I can't figure out how to dynamically create tasks in airflow at schedule time. My Dag is created prior to the knowledge of how many tasks are required at run-time. I.e., On each dag trigger, i would like to pass the directory to be processed to create a list of tasks for the following Dag.
I couldn't come up with anything so far
args = {
'owner': 'airflow',
'start_date': datetime(2004, 11, 12),
}
dag = DAG(
dag_id='dyn_test',
default_args=args,
schedule_interval='@once'
)
dir = '/home/uname/dir'
filesInDir = next(os.walk(dir))[2]
for file in filesInDir:
task1 = # change 'file' structure
task2 = # store changed 'file'
task1 >> task2
Here, how should i pass 'dir' variable while triggering the Dag so that task1 and task2 will run based on number of files present in the 'dir'.

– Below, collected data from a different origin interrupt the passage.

Lemma mderivm_lin_subst_unit_cols N N' (T : 'M[R]_(N, N')) (I : Type)
    (r : seq I) (f : I -> 'I_N') (g : I -> 'I_N) :
  (forall x a, T a (f x) = (a == g x)%:R) ->
  forall p, (p \mPo lin_subst T)^`M[(\sum_(x <- r) U_(f x))%MM]
            = p^`M[(\sum_(x <- r) U_(g x))%MM] \mPo lin_subst T.
Proof.
move=> Tfg; elim: r => [|x r IHr] p; first by rewrite !big_nil !mderivm0m.
rewrite !big_cons !mderivmDm !mderivmU1m.
by rewrite (mderiv_lin_subst_unit_col (Tfg x)) IHr.
Qed.

Definition select_mx N (s : seq 'I_N) : 'M[R]_(N, size s) :=
  \matrix_(a, u) (a == tnth (in_tuple s) u)%:R.

Definition photon_mx N N' (B : 'M[R]_(N, N')) (s : seq 'I_N) : 'M[R]_N' :=
  \matrix_(i, j) if insub (val i) is Some u then B (tnth (in_tuple s) u) j else 0.

Lemma lform_photon_mx N N' (B : 'M[R]_(N, N')) (s : seq 'I_N)
    (le_sN' : (size s <= N')%N) (u : 'I_(size s)) :
  lform (photon_mx B s) (widen_ord le_sN' u) = lform B (tnth (in_tuple s) u).
Proof. by apply: eq_bigr => j _; rewrite mxE /= valK. Qed.

End LinearSubstitution.

Section PhotonModes.
Variable I : finType.
Implicit Type f : I -> nat.

Definition photon_modes f : seq I := flatten [seq nseq (f a) a | a <- index_enum I].

Lemma size_photon_modes f : size (photon_modes f) = (\sum_a f a)%N.
Proof.
rewrite size_flatten /shape -map_comp sumnE big_map.
by apply: eq_bigr => a _; rewrite /= size_nseq.
Qed.

Lemma sum_photon_modes (V : nmodType) f (F : I -> V) :
  \sum_(x <- photon_modes f) F x = \sum_a F a *+ f a.
Proof.
by rewrite big_flatten big_map; apply: eq_bigr => a _; rewrite big_nseq iter_addr_0.
Qed.

Lemma prod_photon_modes (R : pzSemiRingType) f (F : I -> R) :
  \prod_(x <- photon_modes f) F x = \prod_a F a ^+ f a.
Proof.
by rewrite big_flatten big_map; apply: eq_bigr => a _; rewrite big_nseq iter_mulr_1.
Qed.

End PhotonModes.

Lemma split_lshift m n (i : 'I_m) : split (lshift n i) = inl i.
Proof. exact: (unsplitK (inl i)). Qed.

Lemma split_rshift m n (j : 'I_n) : split (rshift m j) = inr j.
Proof. exact: (unsplitK (inr j)). Qed.

Section Heralding.
Variable C : numClosedFieldType.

You can use Airflow Variables or Environment variables.
# Using Airflow Variables
from airflow.models import Variable
dir = Variable.get("dir")
# Using Env Vars
import os
dir1= os.environ["dir1"]
args = {
'owner': 'airflow',
'start_date': datetime(2004, 11, 12),
}
dag = DAG(
dag_id='dyn_test',
default_args=args,
schedule_interval='@once'
)
filesInDir = next(os.walk(dir))[2]
for file in filesInDir:
task1 = # change 'file' structure
task2 = # store changed 'file'
task1 >> task2